**What you should do:** In the data below, retype exactly the line that contains "move=> model a_gt0 _ _ post pX_q pXY_q y." and every line after it, through the last.

Content starts

(* Let $\mathbf{\Theta}$ be a countable set of intentions and consider the following language-generation model: an intention $\theta\sim q(\theta)$ is drawn, a message $\mathbf{x}\sim q(\mathbf{x}\mid\theta)$ is generated, and a continuation $\mathbf{y}$ is generated with $q(\mathbf{y}\mid\mathbf{x},\theta)$, so that $q(\mathbf{x},\mathbf{y})=\sum_{\theta\in\mathbf{\Theta}}q(\mathbf{x},\theta)\,q(\mathbf{y}\mid\mathbf{x},\theta)$ and $q(\mathbf{x})=\sum_{\theta}q(\mathbf{x},\theta)$. Suppose the language is $\varepsilon$-ambiguous, and let $\mathbf{x}$ be a prompt generated under intention $\theta_{\mathbf{x}}$ with ambiguity $\varepsilon(\mathbf{x})$, i.e. $\Pr(\theta_{\mathbf{x}}\mid\mathbf{x})\ge 1-\varepsilon(\mathbf{x})$. Let $p_{\mathbf{\Lambda}_*}$ be a language model whose distribution over strings equals the true marginal distribution, $p_{\mathbf{\Lambda}_*}(\mathbf{s})=q(\mathbf{s})$ for all strings $\mathbf{s}$, and let $p_{\mathbf{\Lambda}_*}(\mathbf{y}\mid\mathbf{x})=p_{\mathbf{\Lambda}_*}(\mathbf{x},\mathbf{y})/p_{\mathbf{\Lambda}_*}(\mathbf{x})$. Then for every $\mathbf{y}$, $$\big|p_{\mathbf{\Lambda}_*}(\mathbf{y}\mid\mathbf{x})-q(\mathbf{y}\mid\mathbf{x},\theta_{\mathbf{x}})\big|\le\varepsilon(\mathbf{x}).$$
   Context: A language is $\varepsilon$-ambiguous if every message $\mathbf{x}$ it generates under intention $\theta_0$ satisfies $\Pr(\theta_0\mid\mathbf{x})\ge 1-\varepsilon(\mathbf{x})$ for some $\varepsilon(\mathbf{x})\in[0,1)$, the ambiguity of $\mathbf{x}$. Here $\Pr(\theta\mid\mathbf{x})=q(\theta,\mathbf{x})/q(\mathbf{x})$ with $q(\theta,\mathbf{x})=q(\theta)q(\mathbf{x}\mid\theta)$. *)

From HB Require Import structures.
From mathcomp Require Import all_boot all_order all_algebra.
From mathcomp Require Import all_classical all_reals all_analysis.
Set Implicit Arguments. Unset Strict Implicit. Unset Printing Implicit Defensive.
Import Order.TTheory GRing.Theory Num.Theory.
Local Open Scope classical_set_scope.
Local Open Scope ring_scope.

Section LangModel.
Variables (R : realType) (Theta X Y : countType).
(* qT t = q(theta); qX t x = q(x | theta); qY x t y = q(y | x, theta) *)
Variables (qT : Theta -> R) (qX : Theta -> X -> R) (qY : X -> Theta -> Y -> R).

Definition q_xt (x : X) (t : Theta) : R := qT t * qX t x.

Definition q_marg (x : X) : R :=
  fine (\esum_(t in [set: Theta]) (q_xt x t)%:E).

Definition q_joint (x : X) (y : Y) : R :=
  fine (\esum_(t in [set: Theta]) (q_xt x t * qY x t y)%:E).

Definition posterior (t : Theta) (x : X) : R := q_xt x t / q_marg x.

Definition gen_model : Prop :=
  (forall t, 0 <= qT t) /\
  \esum_(t in [set: Theta]) (qT t)%:E = 1%E /\
  (forall t x, 0 <= qX t x) /\
  (forall t, \esum_(x in [set: X]) (qX t x)%:E = 1%E) /\
  (forall x t y, 0 <= qY x t y) /\
  (forall x t, \esum_(y in [set: Y]) (qY x t y)%:E = 1%E).
End LangModel.

Definition lm_cond (R : realType) (X Y : Type)
  (pX : X -> R) (pXY : X -> Y -> R) (x : X) (y : Y) : R := pXY x y / pX x.

(** Split every sum over intentions into the term of the true intention
    [theta_x] and the residual mass [m] of all other intentions.  Writing
    [a = q(x, theta_x)], [b = q(y | x, theta_x)] and [j] for the residual of
    the joint sum, one has [0 <= j <= m] because [q(y | x, theta) <= 1], and
    [q(y | x) - b = (j - b m) / (a + m)].  Both [j] and [b m] lie in [[0, m]],
    so the deviation is at most [m / (a + m) = 1 - Pr(theta_x | x) <= eps]. *)

From HB Require Import structures.
From mathcomp Require Import all_boot all_order all_algebra.
From mathcomp Require Import all_classical all_reals all_analysis.
From mathcomp Require Import ring lra.
Set Implicit Arguments. Unset Strict Implicit. Unset Printing Implicit Defensive.
Import Order.TTheory GRing.Theory Num.Theory.
Local Open Scope classical_set_scope.
Local Open Scope ring_scope.

Lemma mixture_cond_dist (R : realFieldType) (a b m j eps : R) :
  0 < a -> 0 <= j <= m -> 0 <= b <= 1 -> 1 - eps <= a / (a + m) ->
  `|(a * b + j) / (a + m) - b| <= eps.
Proof.
move=> a_gt0 /andP[j_ge0 jm] /andP[b_ge0 b_le1] post.
have am_gt0 : 0 < a + m by lra.
have -> : (a * b + j) / (a + m) - b = (j - b * m) / (a + m).
  by field; rewrite gt_eqF.
rewrite normrM normfV (gtr0_norm am_gt0) ler_pdivrMr //.
have m_le : m <= eps * (a + m).
  by move: post; rewrite ler_pdivlMr // mulrBl mul1r; lra.
have bm_ge0 : 0 <= b * m by rewrite mulr_ge0 //; lra.
have bm_le : b * m <= m by rewrite ler_piMl //; lra.
by rewrite ler_norml; apply/andP; split; lra.
Qed.

Section NonnegativeEsum.
Variables (R : realType) (T : choiceType).
Implicit Types (f g : T -> R) (S : set T).

Lemma esum_setTD1 f t0 : (forall t, 0 <= f t) ->
  (\esum_(t in [set: T]) (f t)%:E =
   (f t0)%:E + \esum_(t in ~` [set t0]) (f t)%:E)%E.
Proof.
move=> f_ge0; rewrite (esumID [set t0]) /=; last by move=> t _; rewrite lee_fin.
by rewrite !setTI esum_set1 // lee_fin.
Qed.

Lemma esum_prob_le1 f t0 : (forall t, 0 <= f t) ->
  (\esum_(t in [set: T]) (f t)%:E = 1)%E -> f t0 <= 1.
Proof.
move=> f_ge0 f1; have := esum_setTD1 t0 f_ge0; rewrite f1 => f1_split.
by rewrite -lee_fin f1_split leeDl // esum_ge0 // => t _; rewrite lee_fin.
Qed.

Lemma fin_num_esum_le S f g : (forall t, 0 <= f t <= g t) ->
  \esum_(t in S) (g t)%:E \is a fin_num -> \esum_(t in S) (f t)%:E \is a fin_num.
Proof.
move=> fg; have f_ge0 t : 0 <= f t by case/andP: (fg t).
have le_fg : (\esum_(t in S) (f t)%:E <= \esum_(t in S) (g t)%:E)%E.
  by apply: le_esum => t _; rewrite lee_fin; case/andP: (fg t).
have g_ge0 : (0 <= \esum_(t in S) (g t)%:E)%E.
  by apply: esum_ge0 => t _; rewrite lee_fin (le_trans (f_ge0 t)) //; case/andP: (fg t).
rewrite !ge0_fin_numE //; first exact: le_lt_trans.
by apply: esum_ge0 => t _; rewrite lee_fin.
Qed.

Lemma fine_le_esum S f g : (forall t, 0 <= f t <= g t) ->
  \esum_(t in S) (g t)%:E \is a fin_num ->
  fine (\esum_(t in S) (f t)%:E) <= fine (\esum_(t in S) (g t)%:E).
Proof.
move=> fg g_fin; apply: fine_le => //; first exact: fin_num_esum_le g_fin.
by apply: le_esum => t _; rewrite lee_fin; case/andP: (fg t).
Qed.

Lemma fine_esum_setTD1 f t0 : (forall t, 0 <= f t) ->
  \esum_(t in [set: T]) (f t)%:E \is a fin_num ->
  fine (\esum_(t in [set: T]) (f t)%:E) =
  f t0 + fine (\esum_(t in ~` [set t0]) (f t)%:E).
Proof.
move=> f_ge0; rewrite (esum_setTD1 t0 f_ge0) fin_numD => /andP[_ rest_fin].
by rewrite fineD.
Qed.

End NonnegativeEsum.

Section GenerativeModel.
Variables (R : realType) (Theta X Y : countType).
Variables (qT : Theta -> R) (qX : Theta -> X -> R) (qY : X -> Theta -> Y -> R).
Hypothesis model : gen_model qT qX qY.

Lemma q_xt_bounds x t : 0 <= q_xt qT qX x t <= qT t.
Proof.
case: model => qT_ge0 [_ [qX_ge0 [qX1 _]]].
rewrite /q_xt mulr_ge0 // ler_piMr //.
exact: esum_prob_le1 (qX_ge0 t) (qX1 t).
Qed.

Lemma qY_bounds x t y : 0 <= qY x t y <= 1.
Proof.
case: model => _ [_ [_ [_ [qY_ge0 qY1]]]].
by rewrite qY_ge0; exact: esum_prob_le1 (qY_ge0 x t) (qY1 x t).
Qed.

Lemma q_xtY_bounds x t y : 0 <= q_xt qT qX x t * qY x t y <= q_xt qT qX x t.
Proof.
have /andP[xt_ge0 _] := q_xt_bounds x t.
have /andP[qY_ge0 qY_le1] := qY_bounds x t y.
by rewrite mulr_ge0 // ler_piMr.
Qed.

Lemma esum_q_xt_fin_num x : \esum_(t in [set: Theta]) (q_xt qT qX x t)%:E \is a fin_num.
Proof.
case: model => _ [qT1 _].
by apply: (fin_num_esum_le (g := qT)) => [t|]; rewrite ?q_xt_bounds ?qT1.
Qed.

Lemma q_marg_setTD1 x t0 :
  q_marg qT qX x = q_xt qT qX x t0 + fine (\esum_(t in ~` [set t0]) (q_xt qT qX x t)%:E).
Proof.
apply: fine_esum_setTD1; last exact: esum_q_xt_fin_num.
by move=> t; case/andP: (q_xt_bounds x t).
Qed.

Lemma q_joint_setTD1 x y t0 :
  q_joint qT qX qY x y = q_xt qT qX x t0 * qY x t0 y +
    fine (\esum_(t in ~` [set t0]) (q_xt qT qX x t * qY x t y)%:E).
Proof.
apply: fine_esum_setTD1; first by move=> t; case/andP: (q_xtY_bounds x t y).
apply: (fin_num_esum_le (g := q_xt qT qX x)) => [t|].
- exact: q_xtY_bounds.
- exact: esum_q_xt_fin_num.
Qed.

Lemma q_joint_residual_bounds x y t0 :
  0 <= fine (\esum_(t in ~` [set t0]) (q_xt qT qX x t * qY x t y)%:E)
    <= fine (\esum_(t in ~` [set t0]) (q_xt qT qX x t)%:E).
Proof.
have xt_fin : \esum_(t in ~` [set t0]) (q_xt qT qX x t)%:E \is a fin_num.
  have := esum_q_xt_fin_num x; rewrite (esum_setTD1 t0) ?fin_numD => [/andP[]//|t].
  by case/andP: (q_xt_bounds x t).
apply/andP; split; last by apply: fine_le_esum => // t; exact: q_xtY_bounds.
by apply/fine_ge0/esum_ge0 => t _; rewrite lee_fin; case/andP: (q_xtY_bounds x t y).
Qed.

End GenerativeModel.

Theorem proposition2 (R : realType) (Theta X Y : countType)
  (qT : Theta -> R) (qX : Theta -> X -> R) (qY : X -> Theta -> Y -> R)
  (pX : X -> R) (pXY : X -> Y -> R)
  (x : X) (theta_x : Theta) (eps : R) :
  gen_model qT qX qY ->
  0 < q_xt qT qX x theta_x ->
  0 <= eps -> eps < 1 ->
  posterior qT qX theta_x x >= 1 - eps ->
  (forall s, pX s = q_marg qT qX s) ->
  (forall s y, pXY s y = q_joint qT qX qY s y) ->
  forall y : Y, `| lm_cond pX pXY x y - qY x theta_x y | <= eps.
Proof.
move=> model a_gt0 _ _ post pX_q pXY_q y.
rewrite /lm_cond pX_q pXY_q (q_joint_setTD1 model _ _ theta_x).
rewrite (q_marg_setTD1 model _ theta_x).
apply: mixture_cond_dist => //.
- exact: q_joint_residual_bounds model _ _ _.
- exact: (qY_bounds model x theta_x y).
- by move: post; rewrite /posterior (q_marg_setTD1 model _ theta_x).
Qed.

Content ends

**The completed task:**
move=> model a_gt0 _ _ post pX_q pXY_q y.
rewrite /lm_cond pX_q pXY_q (q_joint_setTD1 model _ _ theta_x).
rewrite (q_marg_setTD1 model _ theta_x).
apply: mixture_cond_dist => //.
- exact: q_joint_residual_bounds model _ _ _.
- exact: (qY_bounds model x theta_x y).
- by move: post; rewrite /posterior (q_marg_setTD1 model _ theta_x).
Qed.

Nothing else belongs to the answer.